Beginning in 2008, the Company granted Performance Stock Unit (PSU) awards to selected officers and other key managers. These awards contain the following conditions:

 

   

A service requirement – Awards generally vest three years following the grant date; and

 

   

A market condition – Awards are based on the Company’s total shareholder return as compared to that of a group of peer companies. The peer group consists of all the companies in the Industrial, Materials and Consumer Products sectors of the S&P 900 (approximately 330 companies). Participants will earn from 0% to 175% of the base award (516,525 total shares for this award) depending upon how the Company’s total shareholder return ranks within the peer group.

During the first quarter of 2008, expenses incurred for this plan were $.7.

 

9. EMPLOYEE BENEFIT PLANS

The following table provides interim information at March 31, 2008 and 2007 as to the Company’s sponsored domestic and foreign defined benefit pension plans. Expected 2008 employer contributions are not significantly different than the $1.8 previously reported at year-end 2007.

 

     Three Months Ended
March 31,
 
     2008     2007  

Components of Net Pension (Income) Expense

    

Service cost

   $ .7     $ 1.1  

Interest cost

     3.3       3.2  

Expected return on plan assets

     (4.8 )     (4.2 )

Recognized net actuarial loss

     .1       .4  
                

Net pension (income) expense

   $ (.7 )   $ .5  
                

 

10. SEGMENT INFORMATION

Reportable segments are based upon the Company’s management organizational structure. This structure is generally focused on broad end-user markets for the Company’s diversified products. Residential Furnishings derives its revenues from components for bedding, furniture and other furnishings, as well as related consumer products. Commercial Fixturing & Components derives its revenues from retail store fixtures, displays and components for office and institutional furnishings. Industrial Materials derives its revenues from drawn steel wire, specialty wire products and welded steel tubing sold to trade customers as well as other Leggett segments. Specialized Products derives its revenues from automotive seating components, specialized machinery and equipment, and van interiors.

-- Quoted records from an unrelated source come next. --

(* Label an edge (alpha, beta) by its cumulative phase beta + Q (alpha_1 + ... + alpha_L)
   taken modulo M.  Along a trellis path this quantity grows by Q times the input of
   each new edge modulo P, so the two edges at step k >= 1 of an error event generated
   by b (with Delta(b) = 2) differ by Q (b_1 + b_2) = 0 modulo P, hence modulo M since
   M | P.  Two edges leaving the same state differ by Q times the difference of their
   inputs, which is nonzero modulo M because gcd(M, Q) = 1.  Injectivity on each state
   with M labels forces all label classes to have the size PM^(L-1) of the state set.
   Only Delta(b) = 2 is used from the hypothesis on minimal difference sequences. *)

Lemma card_fiber_of_pair_injective (T U : finType) (n : nat)
    (f : T -> 'I_n) (g : T -> U) :
  injective (fun x => (f x, g x)) -> #|T| = (n * #|U|)%N ->
  forall i, #|[set x | f x == i]| = #|U|.
Proof.
move=> fg_inj cardT.
have fiber_le i : (#|[set x | f x == i]| <= #|U|)%N.
  rewrite -(@card_in_imset _ _ g) ?max_card // => x y.
  by rewrite !inE => /eqP fx /eqP fy gxy; apply: fg_inj; rewrite /= fx fy gxy.
have sum_fibers : (\sum_i #|[set x | f x == i]| = #|T|)%N.
  rewrite -sum1_card (partition_big f predT) //=; apply: eq_bigr => i _.
  by rewrite -sum1_card; apply: eq_bigl => x; rewrite inE.
have [_] := leqif_sum (fun i (_ : true) => leqif_eq (fiber_le i)).
rewrite sum_fibers sum_nat_const card_ord -cardT eqxx => /esym/forallP all_eq i.
exact/eqP/(implyP (all_eq i)).
Qed.

Section CumulativePhase.

Variables M L P Q : nat.
Hypothesis L_gt0 : (0 < L)%N.
Implicit Types e : edge M L P.

Definition cum_phase e : nat := (val e.2 + Q * sumn (map val (tval e.1)))%N.

Lemma edge_symbolsE e :
  map val (tval e.1) = rcons (map val (take L.-1 (tval e.1))) (input e).
Proof.
rewrite /input; move: (tval e.1) (size_tuple e.1) => s.
rewrite -{1}(prednK L_gt0); case/lastP: s => [|s x] //; rewrite size_rcons => -[<-].
by rewrite -cats1 take_size_cat // map_cat last_cat cats1.
Qed.

Lemma input_lt e : (input e < M)%N.
Proof.
rewrite /input; move: (tval e.1) (size_tuple e.1) => s.
by case: s => [|x s] /=; [move=> L0; move: L_gt0; rewrite -L0|rewrite last_map].
Qed.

Intersegment sales are made primarily at prices that approximate market-based selling prices. Centrally incurred costs are allocated to the segments based on estimates of services used by the segment. Certain general and administrative costs and miscellaneous corporate income and expense of the Company are allocated to the segments based on sales and EBIT (earnings before interest and income taxes).

 

16


LEGGETT & PLATT, INCORPORATED

NOTES TO CONSOLIDATED CONDENSED FINANCIAL STATEMENTS – CONTINUED

(Unaudited)

10. SEGMENT INFORMATION (continued)

 

The accounting principles used in the preparation of the segment information are the same as those used for the consolidated financial statements, except that the segment assets and income reflect the FIFO basis of accounting for inventory. Certain inventories are accounted for using the LIFO basis in the consolidated financial statements. Segment assets are reflected in the segment information at their estimated average for the year. Centrally incurred costs, allocated general and administrative costs and miscellaneous corporate income and expense include depreciation and other costs and income related to assets that are not allocated or otherwise included in the segment assets.

A summary of segment results from continuing operations for the quarters ended March 31, 2008 and 2007 are shown in the following tables. Amounts for 2007 have been retrospectively adjusted to reflect (i) discontinued operations as discussed in Note 3, and (ii) an organizational change, effective June 1, 2007, that moved a few small formed wire operations from Commercial Fixturing & Components to Industrial Materials.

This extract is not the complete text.